Resistance to hygromycin is conferred by hygromycin B phosphotransferase (Hph). Hph catalyzes the phosphorylation of the 4-hydroxyl group on the cyclitol ring (hyosamine), thereby producing 7"-O-phosphoryl-hygromycin B which totally lacks biological activity both in vivo and in vitro (2).

Two major genes encoding Hph have been characterized. The first gene was isolated from Streptomyces hygroscopicus (1,7), the hygromycin B producer species. The second gene is a plasmid-borne resistance gene isolated from Escherichia coli (3,4) and Klebsiella pneumoniae (5). Most of hygromycin-based vectors used in gene transfer experiments harbor the E. coli hph gene.


Optimized Resistance Gene

Exogenous DNA, such as resistance genes from bacterial origin, may be poorly suitable for expression in mammalian cells. First, codon usage in bacteria is very different from mammalian codon usage. Then, and even more crucial, the foreign (bacterial) DNA composition in CpG dinucleotides is very different from the CpG distribution in mammalian DNA. This difference elicits two phenomena which negatively affect gene expression: recognition of the bacterial DNA as foreign by the mammalian immune system (8), and methylation on the cytosine residue of CpG (10) leading to gene silencing (9-16).

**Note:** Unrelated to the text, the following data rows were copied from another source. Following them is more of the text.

(* Let $k\ge1$ and $\delta\notin I_k=\{-\frac{p}{2(n+1)}:p\in\{k-1,\dots,2k-2\}\}$. Define $s_{k-1}:R^{k-1}\to R^k$ by $s_{k-1}(S)=-\sum_{l=1}^kb_{k,l}\,X^l\big(i(\alpha)^{l-1}(S)\big)$, where $b_{k,l}=\big(\prod_{j=1}^l(-r(j,k-j))\big)^{-1}$. Then $i(\alpha)\circ s_{k-1}=\mathrm{Id}$ on $R^{k-1}$.
   Context: Let $n\ge1$, $M=\mathbb{R}^{2n+1}$ with coordinates $(q^1,\dots,q^n,p^1,\dots,p^n,t)$. For $\mu\in\mathbb{R}$, $\mathcal{S}^k_\mu$ denotes the space of smooth functions $S(x,\xi)$ on $M\times\mathbb{R}^{2n+1}$ homogeneous polynomial of degree $k$ in $\xi=(\xi_{q^1},\dots,\xi_{q^n},\xi_{p^1},\dots,\xi_{p^n},\xi_t)$. Fix $\delta\in\mathbb{R}$ and set $R^k=\mathcal{S}^k_{\delta+\frac{k}{n+1}}$ for $k\ge0$, $R^{j}=0$ for $j<0$. Let $E_s=\sum_i(p^i\partial_{p^i}+q^i\partial_{q^i})$, $\langle E_s,\xi\rangle=\sum_i(p^i\xi_{p^i}+q^i\xi_{q^i})$, $D(S)=\sum_i(\xi_{q^i}\partial_{p^i}S-\xi_{p^i}\partial_{q^i}S)+\xi_tE_s(S)-\langle E_s,\xi\rangle\partial_tS$. Operators: $i(\alpha):R^k\to R^{k-1}$, $i(\alpha)(S)=\frac12\big(\sum_i(p^i\partial_{\xi_{q^i}}S-q^i\partial_{\xi_{p^i}}S)-\partial_{\xi_t}S\big)$; $X:R^k\to R^{k+1}$, $X(S)=D(S)+(2(n+1)\delta+k)\xi_tS$. Set $r(l,k)=-\frac{l}{2}\big(2(n+1)\delta+2k+l-1\big)$ (for $\delta\notin I_k$ the numbers $r(j,k-j)$, $1\le j\le k$, are nonzero). *)

From HB Require Import structures.
From mathcomp Require Import all_boot all_order all_algebra.
From mathcomp Require Import all_classical all_reals all_analysis.
Set Implicit Arguments. Unset Strict Implicit. Unset Printing Implicit Defensive.
Import Order.TTheory GRing.Theory Num.Theory.
Import numFieldNormedType.Exports.
Local Open Scope ring_scope.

Presence of methylcytosine alters the binding of transcriptional factors and other proteins to DNA and also attracts methyl-DNA-binding proteins that modify chromatin structure (11), resulting in loss of gene expression.

To avoid any hph gene silencing in eukaryotic expression vectors, due to the presence of CpG dinucleotides, a functional CpG free hph gene is available (cf. vectors). Codon usage in this synthetic gene has also been modified. The synthetic hph-DCpG gene displays higher hygromycin-resistance than its wild-type counterpart.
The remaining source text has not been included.